Use the following descriptions to guide this decision.

  • shouldMatch = "The output must look like this."

  • shouldResemble = "The output must have this shape."

The following decision tree can help you choose between the two methods:

Decision tree for choosing between shouldMatch and shouldResemble

Use shouldMatch when:

  • The output is predictable and stable across runs.

  • You want readers to see realistic output in the docs.

  • The exact values matter and are guaranteed to be consistent, such as when demonstrating an update result.

Expect.that(result)
.shouldMatch("update-output.json");

Use shouldResemble when:

  • The output order or exact values can vary across environments, such as with vector search.

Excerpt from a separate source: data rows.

(* Assume the standing assumptions in the context. Let $v=(v_1,v_2)$ be the bounded constrained viscosity solution on $[\underline{x},+\infty)$ of the system $$\rho v_j(x)=H(x,y_j,Dv_j(x))+\lambda_j\big(v_{\bar\jmath}(x)-v_j(x)\big),\qquad j=1,2,\ \bar\jmath=3-j,$$ and assume each $v_j$ is concave. Then $v_j$ is $C^1$ on $(\underline{x},+\infty)$. In particular, defining $Dv_j(\underline{x})=\lim_{\epsilon\to0^+}\frac{v_j(\underline{x}+\epsilon)-v_j(\underline{x})}{\epsilon}$, the function $Dv_j$ is uniformly continuous on $[\underline{x},R]$ for every constant $R>\underline{x}$.
   Context: Standing assumptions: $\rho>0$; $-\infty<r<\rho$; $0<y_1<y_2$; $\gamma>1$; $\underline{x}\le0$ with $\rho\underline{x}+y_j>0$ for $j=1,2$; $\lambda_1,\lambda_2\ge0$ constants. Utility $u(c)=\frac{c^{1-\gamma}}{1-\gamma}$; Hamiltonian $H(x,y_j,p)=\sup_{c\ge0}\{u(c)+(rx+y_j-c)p\}$, equal to $(rx+y_j)p+\frac{\gamma}{1-\gamma}p^{1-1/\gamma}$ for $p\ge0$ and $+\infty$ for $p<0$. Viscosity subsolution on $S\subseteq[\underline{x},\infty)$: u.s.c. pair $v$ such that whenever $\varphi$ smooth, $j\in\{1,2\}$, and $v_j-\varphi$ has a local max (relative to $[\underline{x},\infty)$) at $x_0\in S$, then $\rho v_j(x_0)\le H(x_0,y_j,D\varphi(x_0))+\lambda_j(v_{\bar\jmath}(x_0)-v_j(x_0))$. Viscosity supersolution on $S$: l.s.c. pair with the reverse inequality at local minima $x_0\in S$. A constrained viscosity solution is a continuous pair that is a viscosity supersolution on $(\underline{x},\infty)$ and a viscosity subsolution on $[\underline{x},\infty)$. *)

From Stdlib Require Import Reals Lra.
From Coquelicot Require Import Coquelicot.
Open Scope R_scope.

(* p^a for p >= 0 with the convention 0^a = 0 (used only with a = 1 - 1/gamma > 0). *)
Definition powp (p a : R) : R :=
  if Rlt_dec 0 p then Rpower p a else 0.

(* Hamiltonian H(x,y,p) = sup_{c>=0} { u(c) + (r x + y - c) p } with
   u(c) = c^(1-gamma)/(1-gamma): it equals (r x + y) p + gamma/(1-gamma) p^(1-1/gamma)
   for p >= 0 and +infinity for p < 0. *)
Definition Ham (r gamma x y p : R) : Rbar :=
  if Rlt_dec p 0 then p_infty
  else Finite ((r * x + y) * p + gamma / (1 - gamma) * powp p (1 - 1 / gamma)).

Definition smooth (phi : R -> R) : Prop :=
  forall (n : nat) (x : R), ex_derive (Derive_n phi n) x.

Definition loc_max_rel (xl : R) (w phi : R -> R) (x0 : R) : Prop :=
  exists delta : R, 0 < delta /\
    forall x, xl <= x -> Rabs (x - x0) < delta -> w x - phi x <= w x0 - phi x0.

Definition loc_min_rel (xl : R) (w phi : R -> R) (x0 : R) : Prop :=
  exists delta : R, 0 < delta /\
    forall x, xl <= x -> Rabs (x - x0) < delta -> w x0 - phi x0 <= w x - phi x.

(* Viscosity subsolution inequality for component w = v_j (with wbar = v_{jbar},
   income y = y_j, intensity lam = lambda_j) on the set S. *)
Definition visc_sub_j (rho r gamma xl y lam : R) (S : R -> Prop) (w wbar : R -> R) : Prop :=
  forall (phi : R -> R) (x0 : R), smooth phi -> S x0 -> loc_max_rel xl w phi x0 ->
    Rbar_le (Finite (rho * w x0))
            (Rbar_plus (Ham r gamma x0 y (Derive phi x0)) (Finite (lam * (wbar x0 - w x0)))).

Definition visc_super_j (rho r gamma xl y lam : R) (S : R -> Prop) (w wbar : R -> R) : Prop :=
  forall (phi : R -> R) (x0 : R), smooth phi -> S x0 -> loc_min_rel xl w phi x0 ->
    Rbar_le (Rbar_plus (Ham r gamma x0 y (Derive phi x0)) (Finite (lam * (wbar x0 - w x0))))
            (Finite (rho * w x0)).

Definition usc_on (xl : R) (w : R -> R) : Prop :=
  forall x0, xl <= x0 -> forall eps, 0 < eps -> exists delta, 0 < delta /\
    forall x, xl <= x -> Rabs (x - x0) < delta -> w x < w x0 + eps.

Definition lsc_on (xl : R) (w : R -> R) : Prop :=
  forall x0, xl <= x0 -> forall eps, 0 < eps -> exists delta, 0 < delta /\
    forall x, xl <= x -> Rabs (x - x0) < delta -> w x0 - eps < w x.
Lemma torus_diag_dist2 : (i1, j1) \in dist_set e 2 o.
Proof. by apply: (mem_dist_set2 (z := (i1, ord0))); torus_lia. Qed.

Lemma torus_common_diag : 1 < #|nbhd e o :&: nbhd e (i1, j1)|.
Proof.
apply: leq_trans (subset_leq_card (_ : [set (i1, ord0); (ord0, j1)] \subset _)).
  by rewrite cards2.
by apply/subsetP => x; rewrite !inE => /orP [] /eqP ->; torus_lia.
Qed.

Section LongCycle.
Hypothesis m_gt4 : 4 < m.
Local Notation j2 := (Ordinal (ltn_trans (isT : 2 < 4) m_gt4)).

Lemma torus_col2_dist2 : (ord0, j2) \in dist_set e 2 o.
Proof. by apply: (mem_dist_set2 (z := (ord0, j1))); torus_lia. Qed.

Lemma torus_common_col2_le1 : #|nbhd e o :&: nbhd e (ord0, j2)| <= 1.
Proof.
apply: leq_trans (subset_leq_card (_ : _ \subset [set (ord0, j1)])) _; last by rewrite cards1.
apply/subsetP => -[x1 x2].
by rewrite !inE xpair_eqE; move: (ltn_ord x1) (ltn_ord x2); torus_lia.
Qed.

End LongCycle.

Lemma torus_distance_regular_le4 : distance_regular e -> m <= 4.
Proof.
move=> dr; rewrite leqNgt; apply/negP => m_gt4.
have := torus_common_diag; have := torus_common_col2_le1 m_gt4.
have dist2 := torus_col2_dist2 m_gt4.
by rewrite (distance_regular_common_dist2 (@torus_adj_irr p q) dr torus_diag_dist2 dist2); lia.
Qed.

End TorusDistanceRegular.

Theorem propositionA1 (n m : nat) (h2n : 2 <= n) (hnm : n <= m) :
  connected_graph (torus_adj n m) /\
  highly_regular (torus_adj n m) /\
  (distance_regular (torus_adj n m) ->
     (n, m) \in [:: (2, 2); (2, 4); (3, 3); (4, 4)]).
Proof.
case: n h2n hnm => [|[|p]] // _; case: m => [|[|q]] // le_pq.
split; first by apply: box_connected; exact: cycle_connected.
split.
  case: q le_pq => [|q] le_pq; last exact: torus_highly_regular.
  by case: p le_pq => [|//] _; exact: square_torus_highly_regular.
move=> dr; have := torus_distance_regular_eq3 dr; have := torus_distance_regular_le4 dr.
by case: p q le_pq {dr} => [|[|[|p]]] [|[|[|q]]].
Qed.
(* Let $G$ be a finite Frobenius group with abelian Frobenius kernel $N$ and abelian Frobenius complement $H$. Then $$A_G(t)=\frac{1}{|G|}\left[\frac{1}{1-|G|t}+\frac{|N|-1}{1-|N|t}+\frac{|N|(|H|-1)}{1-|H|t}\right]$$ and $$B_G(t)=\frac{1}{1-t}\left[1+\frac{(|N|-1)t}{|H|(1-|N|t)}+\frac{(|H|-1)t}{1-|H|t}\right].$$
   Context: A finite group $G$ is a Frobenius group if it has a proper non-trivial subgroup $H$ (a Frobenius complement) such that $H\cap gHg^{-1}=\{1\}$ for all $g\in G\setminus H$; the Frobenius kernel is $N=\left(G\setminus\bigcup_{g\in G}gHg^{-1}\right)\cup\{1\}$, a normal subgroup with $G=N\rtimes H$. For a finite group $G$ and $n\ge0$, $G$ acts on $G^n$ by simultaneous conjugation; let $G^{(n)}\subseteq G^n$ be the set of $n$-tuples of pairwise commuting elements. Let $\alpha_{G,n}$ (resp. $\beta_{G,n}$) be the number of orbits on $G^n$ (resp. $G^{(n)}$), and $A_G(t)=\sum_{n\ge0}\alpha_{G,n}t^n$, $B_G(t)=\sum_{n\ge0}\beta_{G,n}t^n$. *)

From mathcomp Require Import all_boot all_order all_algebra all_fingroup all_solvable.
Set Implicit Arguments. Unset Strict Implicit. Unset Printing Implicit Defensive.
Import GRing.Theory.

(* Formal power series over rat, represented by their coefficient sequence. *)
Definition fps := nat -> rat.

Definition fps_add (f g : fps) : fps := fun n => (f n + g n)%R.
Definition fps_scale (c : rat) (f : fps) : fps := fun n => (c * f n)%R.
Definition fps_mul (f g : fps) : fps :=
  fun n => (\sum_(i < n.+1) f i * g (n - i)%N)%R.
Definition fps_one : fps := fun n => if n is 0 then 1%R else 0%R.
Definition fps_t : fps := fun n => if n is 1 then 1%R else 0%R.
(* fps_inv_1m a = 1/(1 - a t), the formal inverse of 1 - a t, i.e. sum_n a^n t^n *)
Definition fps_inv_1m (a : rat) : fps := fun n => (a ^+ n)%R.
Definition fps_1m (a : rat) : fps := fps_add fps_one (fps_scale (- a)%R fps_t).

Lemma fps_inv_1mP (a : rat) n :
  fps_mul (fps_1m a) (fps_inv_1m a) n = fps_one n.
Proof.
rewrite /fps_mul /fps_1m /fps_add /fps_scale /fps_one /fps_t /fps_inv_1m.
case: n => [|n]; first by rewrite big_ord1 /= mulr0 addr0 mul1r.
rewrite big_ord_recl /= subn0 !big_ord_recl /= subSS subn0.
rewrite big1 ?addr0; last by move=> i _; rewrite /= mulr0 addr0 mul0r.
by rewrite mulr0 addr0 mul1r add0r mulr1 exprS mulNr addrN.
Qed.

Local Open Scope group_scope.

Section Orbits.
Variable gT : finGroupType.

Definition tuples (G : {set gT}) (n : nat) : {set {ffun 'I_n -> gT}} :=
  [set x : {ffun 'I_n -> gT} | [forall i, x i \in G]].

Definition ctuples (G : {set gT}) (n : nat) : {set {ffun 'I_n -> gT}} :=
  [set x in tuples G n | [forall i, forall j, x i * x j == x j * x i]].

Definition tconj n (x : {ffun 'I_n -> gT}) (g : gT) : {ffun 'I_n -> gT} :=
  [ffun i => x i ^ g].

Definition num_conj_orbits n (G : {set gT}) (S : {set {ffun 'I_n -> gT}}) : nat :=
  #|[set [set tconj x g | g in G] | x in S]|.

Definition alpha (G : {set gT}) n : nat := num_conj_orbits G (tuples G n).
Definition beta (G : {set gT}) n : nat := num_conj_orbits G (ctuples G n).

Definition A_G (G : {set gT}) : fps := fun n => ((alpha G n)%:R)%R.
Definition B_G (G : {set gT}) : fps := fun n => ((beta G n)%:R)%R.
End Orbits.

From mathcomp Require Import all_boot all_order all_algebra all_fingroup all_solvable.
From mathcomp Require Import ring.
From Stdlib Require Import FunctionalExtensionality.
Import GRing.Theory.

(* By Burnside's lemma, |G| alpha_n = sum_(a in G) |C_G(a)|^n and
   |G| beta_n = sum_(a in G) |C_G(a)^(n)|; splitting a commuting (n+1)-tuple
   into its first entry a and a commuting n-tuple of C_G(a) shows that the
   latter sum is |G^(n+1)|.  In a Frobenius group G = N ><| H the centralizer
   C_G(a) is G for a = 1, is N for a in N^#, and is a conjugate of H
   otherwise; when N and H are abelian every C^(n) is C^n, so both sums are
   explicit.  This gives alpha_n directly, and beta_(n+1) - beta_n as the
   coefficient of t^(n+1) in (1 - t) B_G(t). *)

Set Implicit Arguments. Unset Strict Implicit. Unset Printing Implicit Defensive.

Section TupleConjugation.
Local Open Scope group_scope.
Variables (gT : finGroupType) (n : nat).
Implicit Types (A : {set gT}) (G : {group gT}) (x : {ffun 'I_n -> gT}).

Lemma tconj1 x : tconj x 1 = x.
Proof. by apply/ffunP=> i; rewrite ffunE conjg1. Qed.

Lemma tconjM x a b : tconj x (a * b) = tconj (tconj x a) b.
Proof. by apply/ffunP=> i; rewrite !ffunE conjgM. Qed.

Definition tconj_action := TotalAction tconj1 tconjM.

Lemma card_tuples A : #|tuples A n| = (#|A| ^ n)%N.
Proof.
rewrite -[in RHS](card_ord n) -card_ffun_on; apply: eq_card => x.
by rewrite inE; apply/forallP/ffun_onP.
Qed.

Lemma ctuples_abelian A : abelian A -> ctuples A n = tuples A n.
Proof.
move=> cAA; apply/setP=> x; rewrite inE andb_idr // inE => /forallP Ax.
by apply/forallP=> i; apply/forallP=> j; apply/eqP/(centsP cAA).
Qed.

Lemma acts_tuples G : [acts G, on tuples G n | tconj_action].
Proof.
apply/subsetP=> a Ga; rewrite !inE; apply/subsetP=> x; rewrite !inE.
by move=> /forallP Gx; apply/forallP=> i; rewrite ffunE groupJ.
Qed.

Lemma acts_ctuples G : [acts G, on ctuples G n | tconj_action].
Proof.
apply/subsetP=> a Ga; rewrite !inE; apply/subsetP=> x; rewrite !inE.
case/andP=> /forallP Gx /forallP cxx; apply/andP; split.
  by apply/forallP=> i; rewrite ffunE groupJ.
apply/forallP=> i; apply/forallP=> j; rewrite !ffunE -!conjMg.
by have /forallP/(_ j)/eqP-> := cxx i.
Qed.

Lemma tconj_fixE x a : (tconj x a == x) = [forall i, x i \in 'C[a]].
Proof.
apply/eqP/forallP => [xa i | Cx].
  by apply/cent1P/commgP/conjg_fixP; rewrite -[in RHS]xa ffunE.
by apply/ffunP=> i; rewrite ffunE; apply/conjg_fixP/commgP/cent1P.
Qed.

Lemma afix_tuples A a :
  'Fix_(tuples A n | tconj_action)[a] = tuples 'C_A[a] n.
Proof.
apply/setP=> x; rewrite !inE sub1set inE tconj_fixE.
apply/andP/forallP => [[/forallP Ax /forallP Cx] i | ACx].
  by rewrite inE Ax Cx.
by split; apply/forallP=> i; have /setIP[] := ACx i.
Qed.

Lemma afix_ctuples A a :
  'Fix_(ctuples A n | tconj_action)[a] = ctuples 'C_A[a] n.
Proof.
apply/setP=> x; rewrite [x \in ctuples 'C_A[a] n]inE -afix_tuples !inE.
by rewrite -!andbA; congr (_ && _); rewrite andbC.
Qed.

Lemma alpha_mul_card G : (alpha G n * #|G| = \sum_(a in G) #|'C_G[a]| ^ n)%N.
Proof.
rewrite /alpha /num_conj_orbits -[[set _ | x in _]]/(orbit tconj_action G @: _).
rewrite -Frobenius_Cauchy ?acts_tuples //.
by apply: eq_bigr => a _; rewrite afix_tuples card_tuples.
Qed.

Lemma beta_mul_card_sum G :
  (beta G n * #|G| = \sum_(a in G) #|ctuples 'C_G[a] n|)%N.
Proof.
rewrite /beta /num_conj_orbits -[[set _ | x in _]]/(orbit tconj_action G @: _).
rewrite -Frobenius_Cauchy ?acts_ctuples //.
by apply: eq_bigr => a _; rewrite afix_ctuples.
Qed.

Definition tcons (a : gT) x : {ffun 'I_n.+1 -> gT} :=
  [ffun i => if unlift ord0 i is Some j then x j else a].

Lemma tcons0 a x : tcons a x ord0 = a.
Proof. by rewrite ffunE unlift_none. Qed.

Lemma tconsS a x j : tcons a x (lift ord0 j) = x j.
Proof. by rewrite ffunE liftK. Qed.

Lemma tcons_inj a : injective (tcons a).
Proof. by move=> x y exy; apply/ffunP=> j; rewrite -(tconsS a) exy tconsS. Qed.

Lemma ctuplesS_first G a : a \in G ->
  [set y in ctuples G n.+1 | y ord0 == a] = tcons a @: ctuples 'C_G[a] n.
Proof.
move=> Ga; apply/setP=> y; rewrite !inE; apply/idP/imsetP.
  case/andP=> /andP[/forallP Gy /forallP cyy] /eqP ya.
  exists [ffun j => y (lift ord0 j)].
    rewrite !inE; apply/andP; split; apply/forallP=> i; rewrite ?ffunE.
      rewrite inE Gy; apply/cent1P; rewrite -ya.
      by have /forallP/(_ ord0)/eqP := cyy (lift ord0 i).
    by apply/forallP=> j; rewrite !ffunE; have /forallP := cyy (lift ord0 i).
  apply/ffunP=> i.
  by case: (unliftP ord0 i) => [j ->|->]; rewrite ?tconsS ?tcons0 ?ffunE.
case=> x; rewrite !inE => /andP[/forallP GCx /forallP cxx] ->.
have [Gx cxa] : (forall j, x j \in G) /\ (forall j, commute (x j) a).
  by split=> j; have /setIP[? /cent1P] := GCx j.
rewrite tcons0 eqxx andbT; apply/andP; split; apply/forallP=> i.
  by case: (unliftP ord0 i) => [j ->|->]; rewrite ?tconsS ?tcons0.
apply/forallP=> j; apply/eqP.
case: (unliftP ord0 i) => [i' ->|->]; case: (unliftP ord0 j) => [j' ->|->];
  rewrite ?tconsS ?tcons0 //; first by have /forallP/(_ j')/eqP := cxx i'.
all: by rewrite cxa.
Qed.

Lemma card_ctuplesS G :
  #|ctuples G n.+1| = (\sum_(a in G) #|ctuples 'C_G[a] n|)%N.
Proof.
rewrite -sum1_card.
rewrite (partition_big (fun y : {ffun 'I_n.+1 -> gT} => y ord0) (mem G)) /=.
  apply: eq_bigr => a Ga; rewrite -(card_imset _ (@tcons_inj a)) -ctuplesS_first //.
  by rewrite -sum1_card; apply: eq_bigl => y; rewrite [in RHS]inE.
by move=> y; rewrite !inE => /andP[/forallP + _]; apply.
Qed.

Lemma beta_mul_card G : (beta G n * #|G|)%N = #|ctuples G n.+1|.
Proof. by rewrite beta_mul_card_sum card_ctuplesS. Qed.

End TupleConjugation.

Lemma card_ctuples0 (gT : finGroupType) (A : {set gT}) : #|ctuples A 0| = 1%N.
Proof.
have -> : ctuples A 0 = tuples A 0.
  by apply/setP=> x; rewrite inE andb_idr // => _; apply/forallP=> -[].
by rewrite card_tuples.
Qed.

Lemma beta0 (gT : finGroupType) (G : {group gT}) : beta G 0 = 1%N.
Proof.
apply/eqP; rewrite -(eqn_pmul2r (cardG_gt0 G)) mul1n beta_mul_card_sum.
by rewrite (eq_bigr (fun _ => 1%N)) ?sum1_card // => a _; rewrite card_ctuples0.
Qed.

Section FrobeniusCentralizers.
Local Open Scope group_scope.
Variables (gT : finGroupType) (G N H : {group gT}).
Hypothesis frobG : [Frobenius G = N ><| H].

Lemma Frobenius_subgroups : N \subset G /\ H \subset G.
Proof. by have [/sdprodW/mulG_sub] := Frobenius_context frobG. Qed.

Lemma Frobenius_cent1_abelian_ker : abelian N -> {in N^#, forall a, 'C_G[a] = N}.
Proof.
move=> cNN a N1a; have /setD1P[_ Na] := N1a.
apply/eqP; rewrite eqEsubset (Frobenius_cent1_ker frobG) // subsetI.
by rewrite (proj1 Frobenius_subgroups) sub_cent1 (subsetP cNN).
Qed.

Lemma Frobenius_cent1_abelian_compl : abelian H -> {in H^#, forall a, 'C_G[a] = H}.
Proof.
move=> cHH a H1a; have /setD1P[_ Ha] := H1a.
have /andP[_ tiH] := FrobeniusWcompl frobG.
apply/eqP; rewrite eqEsubset (cent1_normedTI tiH) // subsetI.
by rewrite (proj2 Frobenius_subgroups) sub_cent1 (subsetP cHH).
Qed.

Lemma Frobenius_cent1_outside_ker a : abelian H -> a \in G :\: N ->
  exists2 y, y \in N & 'C_G[a] = H :^ y.
Proof.
move=> cHH /setDP[Ga N'a].
have /and3P[/eqP coverG _ _] := Frobenius_partition frobG.
rewrite -coverG in Ga; have /bigcupP[_ /setU1P[-> Na | /imsetP[y Ny ->] H1ay]] := Ga.
  by rewrite Na in N'a.
exists y => //.
have Gy : y \in G by rewrite (subsetP (proj1 Frobenius_subgroups)).
rewrite -(conjgKV y a) cent1J -{1}(conjGid Gy) -conjIg.
by rewrite Frobenius_cent1_abelian_compl // -mem_conjg.
Qed.

Lemma sum_Frobenius_cent1 (F : {set gT} -> nat) :
  abelian N -> abelian H -> {in N, forall y, F (H :^ y) = F H} ->
  (\sum_(a in G) F 'C_G[a] = F G + (#|N| - 1) * F N + (#|G| - #|N|) * F H)%N.
Proof.
move=> cNN cHH FJ; have [sNG _] := Frobenius_subgroups.
rewrite (big_setID N) (setIidPr sNG) (big_setD1 1) //= cent11T setIT.
rewrite (eq_bigr (fun _ => F N)); last by move=> a /Frobenius_cent1_abelian_ker->.
rewrite [X in (_ + _ + X)%N](eq_bigr (fun _ => F H)); last first.
  by move=> a /(Frobenius_cent1_outside_ker cHH)[y /FJ<- ->].
rewrite !sum_nat_const [#|G :\: N|]cardsD (setIidPr sNG).
by rewrite [#|N|](cardsD1 1) group1 add1n subn1.
Qed.

Lemma alpha_Frobenius n : abelian N -> abelian H ->
  (alpha G n * #|G| = #|G| ^ n + (#|N| - 1) * #|N| ^ n + (#|G| - #|N|) * #|H| ^ n)%N.
Proof.
move=> cNN cHH; rewrite alpha_mul_card.
rewrite (sum_Frobenius_cent1 (F := fun A => #|A| ^ n)%N) //.
by move=> y _; rewrite cardJg.
Qed.

Lemma card_ctuples_FrobeniusS n : abelian N -> abelian H ->
  (#|ctuples G n.+1| =
     #|ctuples G n| + (#|N| - 1) * #|N| ^ n + (#|G| - #|N|) * #|H| ^ n)%N.
Proof.
move=> cNN cHH; rewrite card_ctuplesS.
rewrite (sum_Frobenius_cent1 (F := fun A => #|ctuples A n|)) //.
  by rewrite (ctuples_abelian _ cNN) (ctuples_abelian _ cHH) !card_tuples.
by move=> y _; rewrite !ctuples_abelian ?abelianJ // !card_tuples cardJg.
Qed.

Lemma beta_FrobeniusS n : abelian N -> abelian H ->
  (beta G n.+1 * #|G| =
     beta G n * #|G| + (#|N| - 1) * #|N| ^ n.+1 + (#|G| - #|N|) * #|H| ^ n.+1)%N.
Proof. by move=> cNN cHH; rewrite !beta_mul_card card_ctuples_FrobeniusS. Qed.

End FrobeniusCentralizers.

Section PowerSeries.
Local Open Scope ring_scope.

Lemma fps_mul_inv_1m1 (F : fps) n : fps_mul (fps_inv_1m 1) F n = \sum_(i < n.+1) F i.
Proof.
rewrite /fps_mul (reindex_inj rev_ord_inj) /=; apply: eq_bigr => i _.
by rewrite /fps_inv_1m expr1n mul1r subSS subKn // -ltnS.
Qed.

Lemma fps_t_mul0 (F : fps) : fps_mul fps_t F 0 = 0.
Proof. by rewrite /fps_mul big_ord1 mul0r. Qed.

Lemma fps_t_mulS (F : fps) n : fps_mul fps_t F n.+1 = F n.
Proof.
rewrite /fps_mul !big_ord_recl big1 => [|i _]; last by rewrite mul0r.
by rewrite /= mul0r mul1r add0r addr0 /bump addn0 subn1.
Qed.

End PowerSeries.

Theorem corollary9p4 (gT : finGroupType) (G N H : {group gT}) :
  [Frobenius G = N ><| H]%g -> abelian N -> abelian H ->
  let g : rat := (#|G|%:R)%R in
  let k : rat := (#|N|%:R)%R in
  let h : rat := (#|H|%:R)%R in
  A_G G =
    fps_scale g^-1
      (fps_add (fps_inv_1m g)
       (fps_add (fps_scale (k - 1) (fps_inv_1m k))
                (fps_scale (k * (h - 1)) (fps_inv_1m h))))
  /\
  B_G G =
    fps_mul (fps_inv_1m 1)
      (fps_add fps_one
       (fps_add (fps_scale ((k - 1) / h) (fps_mul fps_t (fps_inv_1m k)))
                (fps_scale (h - 1) (fps_mul fps_t (fps_inv_1m h))))).
Proof.
Local Open Scope ring_scope.
move=> frobG cNN cHH g k h.
have [defG _ _ _ _] := Frobenius_context frobG.
have cardG : #|G| = (#|N| * #|H|)%N := esym (sdprod_card defG).
have cardGN : (#|G| - #|N| = #|N| * (#|H| - 1))%N by rewrite cardG mulnBr muln1.
have k_neq0 : k != 0 by rewrite Num.Theory.pnatr_eq0 -lt0n cardG_gt0.
have h_neq0 : h != 0 by rewrite Num.Theory.pnatr_eq0 -lt0n cardG_gt0.
have g_kh : g = k * h by rewrite /g cardG natrM.
have g_neq0 : g != 0 by rewrite g_kh mulf_neq0.
split; apply: functional_extensionality => n.
  have := congr1 (fun m => m%:R : rat) (alpha_Frobenius frobG n cNN cHH).
  rewrite cardGN !natrD !natrM !natrX !natrB ?cardG_gt0 // -/g -/k -/h => E.
  rewrite /A_G /fps_scale /fps_add /fps_inv_1m -[_%:R](mulfK g_neq0) E.
  by field.
rewrite /B_G fps_mul_inv_1m1; elim: n => [|n IHn].
  by rewrite beta0 big_ord1 /fps_add /fps_one /fps_scale !fps_t_mul0 !mulr0 !addr0.
rewrite big_ord_recr /= -IHn /fps_add /fps_one /fps_scale !fps_t_mulS /fps_inv_1m add0r.
have := congr1 (fun m => m%:R : rat) (beta_FrobeniusS frobG n cNN cHH).
rewrite cardGN !natrD !natrM !natrX !natrB ?cardG_gt0 // -/g -/k -/h => E.
apply: (mulIf g_neq0); rewrite E g_kh !exprS.
by field.
Qed.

  • You care only that the right number of documents came back containing the right fields.

Expect.that(result)
.shouldResemble("find-output.json")
.withSchema({
count: 8,
requiredFields: [
"title", "genres", "year"
],
});

Start with shouldMatch. If the test is flaky (passes sometimes, fails sometimes), switch to shouldResemble.

Note

Queries With Limit and No Sort

A query that uses limit without an explicit sort can return different documents each run because MongoDB may sample a different subset. This commonly causes shouldMatch tests to pass locally but fail during the PR check. Either add an explicit sort to stabilize the results, or switch to shouldResemble.

The expected output file is where most debugging time goes. The following sections describe principles you can apply to your expected output files.

Never hand-write expected output from scratch. Always run the example first and copy the real output. Then, edit it to replace dynamic values. You can get the real output either by running the example by hand or by running a deliberately-failing test and copying the actual value from the error message. For details, see Capturing Output.

Both handle dynamic values, but they work differently.

  • withIgnoredFields("_id"): The field must exist in both actual and expected output, but the value comparison is skipped. Use this approach when the field is part of your example's story and you want readers to see it in the expected output:

    // Test ignores the value comparison:
    Expect.that(result)
    .withIgnoredFields("_id")
    .shouldMatch("output.json");
  • Ellipsis in the output file: You can also use ellipsis patterns directly in the output file instead of withIgnoredFields(). The comparison engine supports three forms:

    • "..." as a field value means "this field exists but skip the value comparison." Use this for fields with dynamic values such as _id or timestamps:

      { "_id": "...", "title": "The Godfather" }
    • Standalone ... as its own line in the output file enables global ellipsis mode. This allows extra fields in the actual output that are not listed in the expected file. Use this when you want to verify specific fields but do not care what else the document contains:

      {
      "title": "The Godfather",
      ...
      }
    • "...": "..." as a key-value pair is an object wildcard that matches any object. Use this when a nested object can have any structure:

      {
      "title": "The Godfather",
      "metadata": { "...": "..." }
      }

Either approach (withIgnoredFields or ellipsis patterns) works. Use whichever reads more clearly in context.

Value Type
Strategy

_id (ObjectId)

Use "..." or withIgnoredFields("_id")

Timestamps and dates

Use "..." or withIgnoredFields("updatedAt")

Counts, booleans, enums

Hard-code. These are stable.

String fields from sample data

Hard-code if they are core to the example.

Long text fields

Truncate by using an ellipsis, for example: "A young man..."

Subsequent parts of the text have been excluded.